Interactions with food, alcohol and other medications Warfarin interacts with a number of food substances, alcohol and a variety of commonly used medications. You will be given a list of food substances that you should avoid. These medications are not known to interact with food substances or alcohol and interact with very few medications.
Can the effects of this medication be reversed? If you have a complication you can be given blood products and a medication (vitamin K) to stop further bleeding. Antidote for Dabigatran has been approved and has been available since January 2016. The antidote for the others will be available early 2016.
How much is known about this medication? Warfarin has been around for several years and we know about the long term effects of this drug. These medications have been around only for a short while and long term safety data is awaited.

What happens now?

Please read this information leaflet. Share the information it contains with your partner and family (if you wish) so that they can be of help and support.  There may be information they need to know, especially if they are taking care of you.

Once you have chosen the drug you wish to take, the doctor who has given you this leaflet will either give you a prescription for DOACs or refer you to the nearest anticoagulation service for blood tests.

Should you require further advice on the issues contained in this leaflet, please do not hesitate to contact the Stroke Department on tel no: (01482) 608721/608746

General Advice and Consent

Most of your questions should have been answered by this leaflet, but remember that this is only a starting point for discussion with the healthcare team.

Consent to treatment

Before any doctor, nurse or therapist examines or treats you, they must seek your consent or permission. In order to make a decision, you need to have information from health professionals about the treatment or investigation which is being offered to you. You should always ask them more questions if you do not understand or if you want more information.

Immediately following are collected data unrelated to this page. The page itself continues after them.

Definition witness_colours {T : finType} (e : rel T) (rho : var -> T) : seq color :=
  [seq F e (upd rho z w) | w <- enum T & sat e (upd rho z w) (clique (rcons ws z))].

Lemma card_witnesses (T : finType) (e : rel T) (rho : var -> T) (Q : pred color) :
  #|[pred w | sat e (upd rho z w) (clique (rcons ws z)) && Q (F e (upd rho z w))]| =
  count Q (witness_colours e rho).
Proof.
rewrite cardE /enum_mem size_filter count_map count_filter.
by rewrite enumT; apply: eq_count => w; rewrite /= andbC.
Qed.

Variable n : nat.

Lemma expressible_count_ge (d : color) (k : nat) : 0 < k ->
  expressible S (rcons ws z) n (fun T e rho => F e rho == d) ->
  expressible S ws n.+1 (fun T e rho => k <= count_mem d (witness_colours e rho)).
Proof.
move=> k_gt0 /(expressible_ex k_gt0); apply: expressible_ext => T e rho _.
by rewrite (card_witnesses e rho (pred1 d)).
Qed.

Lemma expressible_count_eq (d : color) (m : nat) : 0 < m ->
  expressible S (rcons ws z) n (fun T e rho => F e rho == d) ->
  expressible S ws n.+1 (fun T e rho => count_mem d (witness_colours e rho) == m).
Proof.
move=> m_gt0 Fd.
have := expressible_and (subseq_refl ws) (expressible_count_ge m_gt0 Fd)
  (expressible_neg (expressible_count_ge (ltn0Sn m) Fd)).
by rewrite maxnn; apply: expressible_ext => T e rho _; rewrite -leqNgt -eqn_leq eq_sym.
Qed.

(* The colours outside [L] are excluded by one more counting quantifier, so
   the empty multiset still costs depth 1. *)
Lemma expressible_perm_eq (L : seq color) :
  (forall d, d \in L -> expressible S (rcons ws z) n (fun T e rho => F e rho == d)) ->
  expressible S ws (if L is [::] then 1 else n.+1)
    (fun T e rho => perm_eq (witness_colours e rho) L).
Proof.
move=> FL.
have wsS : {subset ws <= S} by move=> v v_ws; rewrite wszS // mem_rcons inE v_ws orbT.
have uniq_ws : uniq ws by move: uniq_wsz; rewrite rcons_uniq => /andP[].
have count_gt0 d : d \in L -> 0 < count_mem d L by rewrite -has_count has_pred1.
have counts := expressible_all uniq_ws wsS (D := L)
  (P := fun d T e rho => count_mem d (witness_colours e rho) == count_mem d L)
  (fun d dL => expressible_count_eq (count_gt0 d dL) (FL d dL)).
have outside := expressible_all uniq_wsz wszS (D := L)
  (P := fun d T e rho => F e rho != d)
  (fun d dL => expressible_neg (FL d dL)).
have inside := expressible_neg (expressible_ex (ltn0Sn 0) outside).
have := expressible_and (subseq_refl ws) counts inside.
have -> : maxn (if L is [::] then 0 else n.+1) (if L is [::] then 0 else n).+1 =
          (if L is [::] then 1 else n.+1) by case: (L); rewrite ?maxnn.
apply: expressible_ext => T e rho _.
rewrite (card_witnesses e rho (fun c => all (fun d => c != d) L)) perm_eq_counts -has_count.
have notinE c : all (fun d => c != d) L = (c \notin L).
  by elim: (L) => //= d L' ->; rewrite inE negb_or.
by rewrite -all_predC; congr (_ && _); apply: eq_all => c /=; rewrite notinE negbK.
Qed.

End WitnessColours.

Definition realized (t : nat) (c : color) : Prop :=
  exists (T : finType) (e : rel T) (u v : T), e u v /\ eb e t u v = c.

Lemma realized_eb (T : finType) (e : rel T) (t : nat) (u v : T) :
  e u v -> realized t (eb e t u v).
Proof. by move=> uv; exists T, e, u, v. Qed.

Definition is_colour (t : nat) (x y : var) (c : color) : gprop :=
  fun T e rho => eb e t (rho x) (rho y) == c.

Lemma expressible_is_colour0 (x y z : var) (c : color) :
  uniq [:: x; y; z] -> realized 0 c -> expressible [:: x; y; z] [:: x; y] 0 (is_colour 0 x y c).
Proof.
rewrite /= !inE negb_or => /andP[/andP[xy _] _] [T0 [e0 [u0 [v0 [_ <-]]]]].
apply: expressible_ext (expressible_clique _ _) => [T e rho _ | | v].
- by rewrite /is_colour eqxx.
- by rewrite /= inE xy.
- by rewrite !inE => /orP[] ->; rewrite ?orbT.
Qed.

Section Step.

Variable t : nat.
Hypothesis IH : forall c, realized t c -> forall x y z : var,
  uniq [:: x; y; z] -> expressible [:: x; y; z] [:: x; y] t (is_colour t x y c).

Lemma expressible_is_colour_xz (x y z : var) (c : color) :
  uniq [:: x; y; z] -> realized t c -> expressible [:: x; y; z] [:: x; z] t (is_colour t x z c).
Proof.
have xzy_xyz : perm_eq [:: x; z; y] [:: x; y; z] by rewrite perm_cons (perm_catC [:: z]).
rewrite -(perm_uniq xzy_xyz) => xzy /IH /(_ x z y xzy).
by apply: expressible_sub => v; rewrite (perm_mem xzy_xyz).
Qed.

Lemma expressible_nbr_colours (x y z : var) (L : seq color) :
  uniq [:: x; y; z] -> (forall d, d \in L -> realized t d) ->
  expressible [:: x; y; z] [:: x] (if L is [::] then 1 else t.+1)
    (fun T e rho => perm_eq [seq eb e t (rho x) w | w <- enum T & e (rho x) w] L).
Proof.
move=> xyz L_real.
have xz : x != z by apply: contraTneq xyz => ->; rewrite /= !inE eqxx orbT.
have uniq_xz : uniq (rcons [:: x] z) by rewrite /= inE xz.
have sub_xz : {subset rcons [:: x] z <= [:: x; y; z]}.
  by move=> v; rewrite !inE => /orP[] ->; rewrite ?orbT.
apply: expressible_ext (expressible_perm_eq (F := fun T e rho => eb e t (rho x) (rho z))
  uniq_xz sub_xz _) => [T e rho _ | d /L_real /(expressible_is_colour_xz xyz) //].
congr perm_eq; rewrite /witness_colours.
rewrite (@eq_filter _ _ (fun w => e (rho x) w)) => [|w]; last first.
  by rewrite sat_clique /= upd_eq upd_neq // !andbT.
by apply: eq_map => w; rewrite upd_eq upd_neq.
Qed.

The information you receive should be about your condition, the alternatives available to you, and whether it carries risks as well as the benefits. What is important is that your consent is genuine or valid. That means:

  • you must be able to give your consent
  • you must be given enough information to enable you to make a decision
  • you must be acting under your own free will and not under the strong influence of another person

Information about you

We collect and use your information to provide you with care and treatment. As part of your care, information about you will be shared between members of a healthcare team, some of whom you may not meet. Your information may also be used to help train staff, to check the quality of our care, to manage and plan the health service, and to help with research. Wherever possible we use anonymous data.

We may pass on relevant information to other health organisations that provide you with care. All information is treated as strictly confidential and is not given to anyone who does not need it. If you have any concerns please ask your doctor, or the person caring for you.

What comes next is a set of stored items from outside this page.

Lemma flen_fg_of {A : Type} (l : list (A * bool)) : flen (fg_of l) <= length l.
Proof. apply length_reduce. Qed.

Definition fgmap {A B : Type} (f : A -> B) (α : FG A) : FG B := fg_of (mapw f (proj1_sig α)).

Lemma fgmap_proj {A B : Type} (f : A -> B) α : Injective f ->
  proj1_sig (fgmap f α) = mapw f (proj1_sig α).
Proof.
  intros Hf. unfold fgmap. rewrite proj_fg_of, <- mapw_reduce by auto.
  rewrite reduce_id; auto. exact (proj2_sig α).
Qed.

Lemma fgmap_fgmap {A B C : Type} (f : B -> C) (g : A -> B) α : Injective g ->
  fgmap f (fgmap g α) = fgmap (fun x => f (g x)) α.
Proof. intros Hg. unfold fgmap at 1. rewrite fgmap_proj, mapw_mapw by auto. reflexivity. Qed.

Lemma fgmap_id {A : Type} (f : A -> A) α : (forall x, f x = x) -> fgmap f α = α.
Proof.
  intros H. apply fg_ext. rewrite fgmap_proj.
  - apply mapw_id; auto.
  - intros x y E; rewrite !H in E; auto.
Qed.

Lemma fgmap_cancel {A B : Type} (f : A -> B) (g : B -> A) α :
  (forall x, g (f x) = x) -> fgmap g (fgmap f α) = α.
Proof. intros H. rewrite fgmap_fgmap, fgmap_id; eauto using cancel_injective. Qed.

Lemma fgmap_fg_of {A B : Type} (f : A -> B) l : Injective f ->
  fgmap f (fg_of l) = fg_of (mapw f l).
Proof. intros Hf. apply fg_of_eq. simpl. rewrite mapw_reduce, reduce_idem; auto. Qed.

Lemma fgmap_fmul {A B : Type} (f : A -> B) α β : Injective f ->
  fgmap f (fmul α β) = fmul (fgmap f α) (fgmap f β).
Proof.
  intros Hf. unfold fmul. rewrite fgmap_fg_of by auto. apply fg_of_eq.
  rewrite !fgmap_proj, mapw_app by auto. reflexivity.
Qed.

Lemma fgmap_finv {A B : Type} (f : A -> B) α : Injective f ->
  fgmap f (finv α) = finv (fgmap f α).
Proof.
  intros Hf. unfold finv. fold (invw (proj1_sig α)). fold (invw (proj1_sig (fgmap f α))).
  rewrite fgmap_fg_of, fgmap_proj, mapw_invw by auto. reflexivity.
Qed.

Lemma fgmap_gen {A B : Type} (s : A -> B) (s' : B -> A) a :
  (forall a, s' (s a) = a) -> fgmap s' (gen (s a)) = gen a.
Proof. intros H. apply fg_ext. simpl. unfold lift. simpl. rewrite H. reflexivity. Qed.

Definition mem {A : Type} (xi : fset A) (l : list (A * bool)) := xi (fg_of l).

Lemma actw_app {A : Type} (p q : list (A * bool)) (xi : fset A) :
  actw (p ++ q) xi = actw q (actw p xi).
Proof.
  apply functional_extensionality; intros γ. unfold actw. f_equal. apply fg_of_eq.
  rewrite proj_fg_of, reduce_app_r, app_assoc. reflexivity.
Qed.

Lemma actw_nil {A : Type} (xi : fset A) : actw [] xi = xi.
Proof. apply functional_extensionality; intros γ. unfold actw. simpl. rewrite fg_of_proj. reflexivity. Qed.

Lemma actw_inv_letter {A : Type} (x : A * bool) (xi : fset A) :
  actw [inv_letter x] (actw [x] xi) = xi.
Proof.
  rewrite <- actw_app. apply functional_extensionality; intros γ. unfold actw. simpl.
  rewrite <- (fg_of_proj γ) at 2. apply f_equal, fg_of_eq.
  simpl. apply cons_red_inv, reduce_reduced.
Qed.

Lemma act_gen_actw_inv {A : Type} (a : A) (xi : fset A) : act (gen a) (actw [(a, false)] xi) = xi.
Proof. exact (actw_inv_letter (a, false) xi). Qed.

Lemma mem_actw {A : Type} (l γ : list (A * bool)) (xi : fset A) :
  mem (actw l xi) γ = mem xi (l ++ γ).
Proof. unfold mem, actw. apply f_equal, fg_of_eq. rewrite proj_fg_of, reduce_app_r. reflexivity. Qed.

Under the General Data Protection Regulation and the Data Protection Act 2018 we are responsible for maintaining the confidentiality of any information we hold about you. For further information visit the following page: Confidential Information about You.

If you or your carer needs information about your health and wellbeing and about your care and treatment in a different format, such as large print, braille or audio, due to disability, impairment or sensory loss, please advise a member of staff and this can be arranged.